Helen Frankenthaler’s Moonrise was created in the early 1980s, a period during which the artist was deeply engaged with a number of exhibition projects. In 1980, the Clark Art Institute in Williamstown, Massachusetts, dedicated a major show to her printmaking (Helen Frankenthaler Prints: 1961–1979), accompanied by a catalogue raisonné. Shortly afterwards, the Rose Art Museum at Brandeis University in Massachusetts presented Frankenthaler: 1950s, the first focused survey of her early work since the major retrospective of 1960. Finally, the Museum of Art in Michigan organised the touring exhibition Helen Frankenthaler: Works of the Seventies, which brought together paintings, works on paper, prints, and sculptural pieces in steel, clay, and ceramic tile.

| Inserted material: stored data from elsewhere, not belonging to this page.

End HopfDataLinear.

HB.instance Definition _ (K : fieldType) n (H : hopf_data K n) :=
  GRing.isLinear.Build K _ _ _ (comulA H) (comulA_linear H).
HB.instance Definition _ (K : fieldType) n (H : hopf_data K n) :=
  GRing.isLinear.Build K _ _ _ (antiA H) (antiA_linear H).
HB.instance Definition _ (K : fieldType) n (H : hopf_data K n) :=
  GRing.isLinear.Build K _ K *%R (counitA H) (counitA_scalar H).
HB.instance Definition _ (K : fieldType) n (H : hopf_data K n) a :=
  GRing.isLinear.Build K _ _ _ (mulA H a) (mulA_linear H a).
HB.instance Definition _ (K : fieldType) n (H : hopf_data K n) X :=
  GRing.isLinear.Build K _ _ _ (mul2 H X) (mul2_linear H X).
HB.instance Definition _ (K : fieldType) n (a : 'rV[K]_n) :=
  GRing.isLinear.Build K _ _ _ (@tens K n a) (tens_linear a).
HB.instance Definition _ (K : fieldType) n (H : hopf_data K n) :=
  GRing.isLinear.Build K _ _ _ (mS_r H) (mS_r_linear H).

Section TensorSquare.
Variables (K : fieldType) (n : nat).

Lemma tensE (a b : 'rV[K]_n) j k : tens a b j k = a 0 j * b 0 k.
Proof. by rewrite /tens mxE big_ord1 mxE. Qed.

(* C is an arbitrary Prop-valued predicate, so its row span is found
   classically, by induction on the codimension of a span inside C. *)
Lemma subspace_row_span (C : 'rV[K]_n -> Prop) : subspace C ->
  exists M : 'M[K]_n, forall v, C v <-> (v <= M)%MS.
Proof.
move=> [C0 C_lin].
have span_sub (M : 'M[K]_n) v : (forall u, (u <= M)%MS -> C u) -> C v ->
    forall u, (u <= M + v)%MS -> C u.
  move=> MC Cv u /sub_addsmxP [[w1 w2] /= ->].
  rewrite [w2]mx11_scalar mul_scalar_mx addrC.
  by apply: C_lin => //; apply: MC; apply: submxMl.
suff /(_ n 0): forall d (M : 'M[K]_n), (n - \rank M <= d)%N ->
    (forall u, (u <= M)%MS -> C u) -> exists M' : 'M[K]_n, forall v, C v <-> (v <= M')%MS.
  apply=> [|u]; first by rewrite mxrank0 subn0.
  by rewrite submx0 => /eqP ->.
elim=> [|d IH] M codim MC.
  exists M => v; split=> [_|]; last exact: MC.
  by apply: submx_full; rewrite /row_full eqn_leq rank_leq_col -subn_eq0 -leqn0.
case: (classic (exists2 v, C v & ~~ (v <= M)%MS)) => [[v Cv vM]|no_new]; last first.
  exists M => v; split=> [Cv|]; last exact: MC.
  by apply/negPn/negP => vM; apply: no_new; exists v.
apply: (IH (M + v)%MS) => [|u]; last exact: span_sub.
have lt_rank : (\rank M < \rank (M + v)%MS)%N.
  apply: rank_ltmx; rewrite ltmxE addsmxSl /=.
  by apply: contra vM => /(submx_trans (addsmxSr M v)).
by move: codim; rewrite !leq_subLR => /leq_trans; apply; rewrite addnS -addSn leq_add2r.
Qed.

Lemma in_tensor2_rows_cols (C : 'rV[K]_n -> Prop) (X : 'M[K]_(n, n)) :
  subspace C -> (forall p, C (row p X)) -> (forall q, C (col q X)^T) ->
  in_tensor2 C X.
Proof.
move=> C_sub C_row C_col; have [M CM] := subspace_row_span C_sub.
pose P := pinvmx M *m M.
have C_P v : C (v *m P) by apply/CM; rewrite mulmxA submxMl.
have PK v : C v -> v *m P = v by move=> /CM vM; rewrite mulmxA mulmxKpV.
exists n, (fun k => (col k X)^T), (fun k => row k P); split=> // [k|].
  by rewrite rowE; apply: C_P.
have XP : X = X *m P by apply/row_matrixP => i; rewrite row_mul PK.
rewrite {1}XP; apply/matrixP => i j; rewrite mxE summxE; apply: eq_bigr => k _.
by rewrite tensE !mxE.
Qed.

End TensorSquare.

Section Hopf.
Variables (K : fieldType) (n : nat) (H : hopf_data K n).
Implicit Types (a b c d : 'rV[K]_n) (X Y Z : 'M[K]_(n, n)).
Local Notation e := (@bvec K n).
Local Notation D := (comulA H).
Local Notation S := (antiA H).
Local Notation eps := (counitA H).
Local Notation m := (mulA H).
Local Notation one := (oneA H).
Local Notation mul2 := (mul2 H).

Lemma bvecE i j : e i 0 j = (i == j)%:R.
Proof. by rewrite /bvec mxE eqxx eq_sym. Qed.

Lemma sum_bvec (W : lmodType K) i (F : 'I_n -> W) : \sum_j e i 0 j *: F j = F i.
Proof.
rewrite (bigD1 i) //= bvecE eqxx scale1r big1 ?addr0 // => j /negbTE ji.
by rewrite bvecE eq_sym ji scale0r.
Qed.

Lemma sum_bvec_coef (c : 'I_n -> K) j : (\sum_i c i *: e i) 0 j = c j.
Proof.
rewrite summxE (bigD1 j) //= !mxE !eqxx mulr1 big1 ?addr0 // => i /negbTE ij.
by rewrite !mxE eq_sym ij mulr0.
Qed.

Lemma linear_bvec_expansion (W : lmodType K) (f : 'rV[K]_n -> W) :
  linear f -> forall a, f a = \sum_i a 0 i *: f (e i).
Proof.
move=> f_lin a; rewrite {1}(row_sum_delta a) (linear_fun_sum f_lin).
by under eq_bigr do rewrite (linear_funZ f_lin).
Qed.

Lemma comulA_bvec i : D (e i) = hcomul H i.
Proof. exact: sum_bvec. Qed.

Lemma counitA_bvec i : eps (e i) = hcounit H i.
Proof.
rewrite /counitA (bigD1 i) //= bvecE eqxx mul1r big1 ?addr0 // => j /negbTE ij.
by rewrite bvecE eq_sym ij mul0r.
Qed.

Lemma mulA_bvec i j : m (e i) (e j) = hmul H i j.
Proof.
rewrite /Defs.mulA; under eq_bigr do under eq_bigr do rewrite -scalerA.
under eq_bigr do rewrite -scaler_sumr (sum_bvec j (fun k => hmul H _ k)).
exact: (sum_bvec i (fun k => hmul H k j)).
Qed.

Lemma comulA_coef a j k : D a j k = \sum_i a 0 i * hcomul H i j k.
Proof. by rewrite /comulA summxE; apply: eq_bigr => i _; rewrite mxE. Qed.

Lemma tens_suml I r (P : pred I) (F : I -> 'rV[K]_n) b :
  tens (\sum_(i <- r | P i) F i) b = \sum_(i <- r | P i) tens (F i) b.
Proof. exact: (linear_fun_sum (tens_linear_l b)). Qed.

Lemma tens_Zl k a b : tens (k *: a) b = k *: tens a b.
Proof. exact: (linear_funZ (tens_linear_l b)). Qed.

Lemma mul2_suml I r (P : pred I) (F : I -> 'M[K]_(n, n)) Y :
  mul2 (\sum_(i <- r | P i) F i) Y = \sum_(i <- r | P i) mul2 (F i) Y.
Proof. exact: (linear_fun_sum (mul2_linear_l H Y)). Qed.

Lemma mul2Pl k X1 X2 Y : mul2 (k *: X1 + X2) Y = k *: mul2 X1 Y + mul2 X2 Y.
Proof. exact: mul2_linear_l. Qed.

Lemma mul2_Zl k X Y : mul2 (k *: X) Y = k *: mul2 X Y.
Proof. exact: (linear_funZ (mul2_linear_l H Y)). Qed.

Lemma tens_bvec_expansion X : X = \sum_i \sum_j X i j *: tens (e i) (e j).
Proof.
rewrite {1}(matrix_sum_delta X); apply: eq_bigr => i _; apply: eq_bigr => j _.
by rewrite /tens /bvec trmx_delta mul_delta_mx.
Qed.

Lemma linear_tens_ext (W : lmodType K) (f g : 'M[K]_(n, n) -> W) :
  linear f -> linear g -> (forall a b, f (tens a b) = g (tens a b)) -> f =1 g.
Proof.
move=> f_lin g_lin fg X; rewrite (tens_bvec_expansion X).
rewrite (linear_fun_sum f_lin) (linear_fun_sum g_lin); apply: eq_bigr => i _.
rewrite (linear_fun_sum f_lin) (linear_fun_sum g_lin); apply: eq_bigr => j _.
by rewrite (linear_funZ f_lin) (linear_funZ g_lin) fg.
Qed.

Lemma mulA_bvec_expansion a b :
  m a b = \sum_i \sum_j (a 0 i * b 0 j) *: m (e i) (e j).
Proof. by under [RHS]eq_bigr do under eq_bigr do rewrite mulA_bvec. Qed.

Lemma mul2_tens a b c d : mul2 (tens a b) (tens c d) = tens (m a c) (m b d).
Proof.
rewrite (mulA_bvec_expansion a c) (mulA_bvec_expansion b d) /Defs.mul2.
rewrite tens_suml; apply: eq_bigr => i _.
rewrite exchange_big tens_suml; apply: eq_bigr => k _.
rewrite tens_Zl linear_sum scaler_sumr; apply: eq_bigr => j _.
rewrite linear_sum scaler_sumr; apply: eq_bigr => l _.
by rewrite linearZ /= scalerA !tensE mulrACA.
Qed.

Hypothesis hH : is_hopf H.

Lemma mulAA : associative m.
Proof. by move=> a b c; case: hH. Qed.

Lemma mul1A : left_id one m.
Proof. by move=> a; case: hH => _ [/(_ a) []]. Qed.

Lemma mulA1 : right_id one m.
Proof. by move=> a; case: hH => _ [/(_ a) []]. Qed.

Lemma comulA_mul a b : D (m a b) = mul2 (D a) (D b).
Proof. by case: hH => _ _ _ []. Qed.

Lemma comulA_one : D one = tens one one.
Proof. by case: hH => _ _ _ []. Qed.

Lemma counitA_mul a b : eps (m a b) = eps a * eps b.
Proof. by case: hH => _ _ _ []. Qed.

Lemma counitA_one : eps one = 1.
Proof. by case: hH => _ _ _ []. Qed.

Lemma antipode_l a : mS_l H (D a) = eps a *: one.
Proof. by case: hH => _ _ _ _ /(_ a) []. Qed.

Lemma antipode_r a : mS_r H (D a) = eps a *: one.
Proof. by case: hH => _ _ _ _ /(_ a) []. Qed.

Lemma comulA_counit_r a p : a 0 p = \sum_q D a p q * hcounit H q.
Proof.
have [_ _ /(_ a) [_ Ea] _ _] := hH.
rewrite -{1}Ea /epsr; under eq_bigr do rewrite -scaler_suml.
by rewrite sum_bvec_coef.
Qed.

Lemma comulA_counit_l a q : a 0 q = \sum_p hcounit H p * D a p q.
Proof.
have [_ _ /(_ a) [Ea _] _ _] := hH.
rewrite -{1}Ea /epsl exchange_big /=; under eq_bigr do rewrite -scaler_suml.
by rewrite sum_bvec_coef.
Qed.

Lemma comulA_coassoc a p q s :
  \sum_r D a r s * D (e r) p q = \sum_r D a p r * D (e r) q s.
Proof.
have [_ [_ coassoc] _ _ _] := hH.
under eq_bigr do rewrite comulA_coef comulA_bvec mulr_suml.
under [RHS]eq_bigr do rewrite comulA_coef comulA_bvec mulr_suml.
rewrite exchange_big [RHS]exchange_big; apply: eq_bigr => i _.
under eq_bigr do rewrite -mulrA.
under [RHS]eq_bigr do rewrite -mulrA.
by rewrite -!mulr_sumr coassoc.
Qed.

Lemma mul2A : associative mul2.
Proof.
move=> X Y Z; move: X; apply: linear_tens_ext => [k X1 X2|k X1 X2|a b] /=.
- exact: mul2Pl.
- by rewrite !mul2Pl.
move: Y; apply: linear_tens_ext => [k Y1 Y2|k Y1 Y2|c d] /=.
- by rewrite mul2Pl linearP.
- by rewrite linearP mul2Pl.
move: Z; apply: linear_tens_ext => [k Z1 Z2|k Z1 Z2|x y] /=.
- by rewrite !linearP.
- by rewrite linearP.
by rewrite !mul2_tens !mulAA.
Qed.

Lemma mul2_1r X : mul2 X (tens one one) = X.
Proof.
move: X; apply: linear_tens_ext => [k X1 X2|//|a b]; first exact: mul2Pl.
by rewrite mul2_tens !mulA1.
Qed.

Lemma mul2_1l X : mul2 (tens one one) X = X.
Proof.
move: X; apply: linear_tens_ext => [k X1 X2|//|a b]; first exact: linearP.
by rewrite mul2_tens !mul1A.
Qed.

Lemma mS_r_tens a b : mS_r H (tens a b) = m a (S b).
Proof.
rewrite (linear_bvec_expansion (antiA_linear H) b).
rewrite (linear_bvec_expansion (mulA_linear_l H _) a); apply: eq_bigr => j _.
rewrite (linear_sum (m _)) scaler_sumr; apply: eq_bigr => k _.
by rewrite tensE linearZ /= scalerA.
Qed.

Lemma comulA_coassoc_sum (W : lmodType K) a (G : 'I_n -> 'I_n -> 'I_n -> W) :
  \sum_p \sum_q \sum_r \sum_s (D a p q * D (e p) r s) *: G r s q =
  \sum_r \sum_p \sum_s \sum_q (D a r p * D (e p) s q) *: G r s q.
Proof.
transitivity (\sum_r \sum_s \sum_q \sum_p (D a p q * D (e p) r s) *: G r s q).
  rewrite exchange_big; under eq_bigr do rewrite exchange_big.
  under eq_bigr do under eq_bigr do rewrite exchange_big.
  by rewrite exchange_big; under eq_bigr do rewrite exchange_big.
transitivity (\sum_r \sum_s \sum_q \sum_p (D a r p * D (e p) s q) *: G r s q).
  apply: eq_bigr => r _; apply: eq_bigr => s _; apply: eq_bigr => q _.
  by rewrite -!scaler_suml comulA_coassoc.
apply: eq_bigr => r _; rewrite [RHS]exchange_big; apply: eq_bigr => s _.
by rewrite exchange_big.
Qed.

(* Convolution in Hom(A, A ⊗ A), whose unit is unit_counit. *)
Definition conv (f g : 'rV[K]_n -> 'M[K]_(n, n)) a :=
  \sum_p \sum_q D a p q *: mul2 (f (e p)) (g (e q)).

Definition unit_counit a := eps a *: tens one one.

Lemma eq_conv f f' g g' :
  (forall i, f (e i) = f' (e i)) -> (forall i, g (e i) = g' (e i)) ->
  conv f g =1 conv f' g'.
Proof.
by move=> ff' gg' a; apply: eq_bigr => p _; apply: eq_bigr => q _; rewrite ff' gg'.
Qed.

Lemma conv_unit_r f : linear f -> conv f unit_counit =1 f.
Proof.
move=> f_lin a; rewrite (linear_bvec_expansion f_lin a); apply: eq_bigr => p _.
under eq_bigr do rewrite linearZ /= mul2_1r scalerA counitA_bvec.
by rewrite -scaler_suml -comulA_counit_r.
Qed.

Lemma conv_unit_l g : linear g -> conv unit_counit g =1 g.
Proof.
move=> g_lin a; rewrite (linear_bvec_expansion g_lin a) /conv exchange_big.
apply: eq_bigr => q _.
under eq_bigr do rewrite mul2_Zl mul2_1l counitA_bvec scalerA mulrC.
by rewrite -scaler_suml -comulA_counit_l.
Qed.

Helen Frankenthaler (1928–2011)
Moonrise, 1981
Currently exhibited: No
Material: Acrylic on canvas
Size: 134,6 x 229,6 cm
Inv-Nr.: B_341
Image rights: VG Bild-Kunst, Bonn; Copyright: Helen Frankenthaler Foundation, New York
Acquired: Reinhard Ernst Collection, 2015
Helen Frankenthaler moves Jenny Brosinski, Ina Gerken, Adrian Schiess, 26.10.2025–22.02.2026
This intensive curatorial focus led Frankenthaler to revisit the concerns of her 1970s painting – a connection that is clearly felt in Moonrise. The work relates closely to the landscape-inspired formats of that period. On a horizontally oriented support, a pulsating, dark red ground unfolds, bounded in the upper quarter by a distinct horizon line. The lower section is composed of saturated, interflowing zones of deep red, while in the upper area Frankenthaler applies painterly passages of thick, atmospheric colour in violet, pink, and grey tones. From the horizontal divide, a moon appears to rise — a motif that recalls Impressionist depictions of moonrises.
In Moonrise, Frankenthaler unites the gestural freedom of her painting with a heightened sense of mood and atmosphere, placing the emotional and environmental resonance of the image at the centre of the viewer’s experience.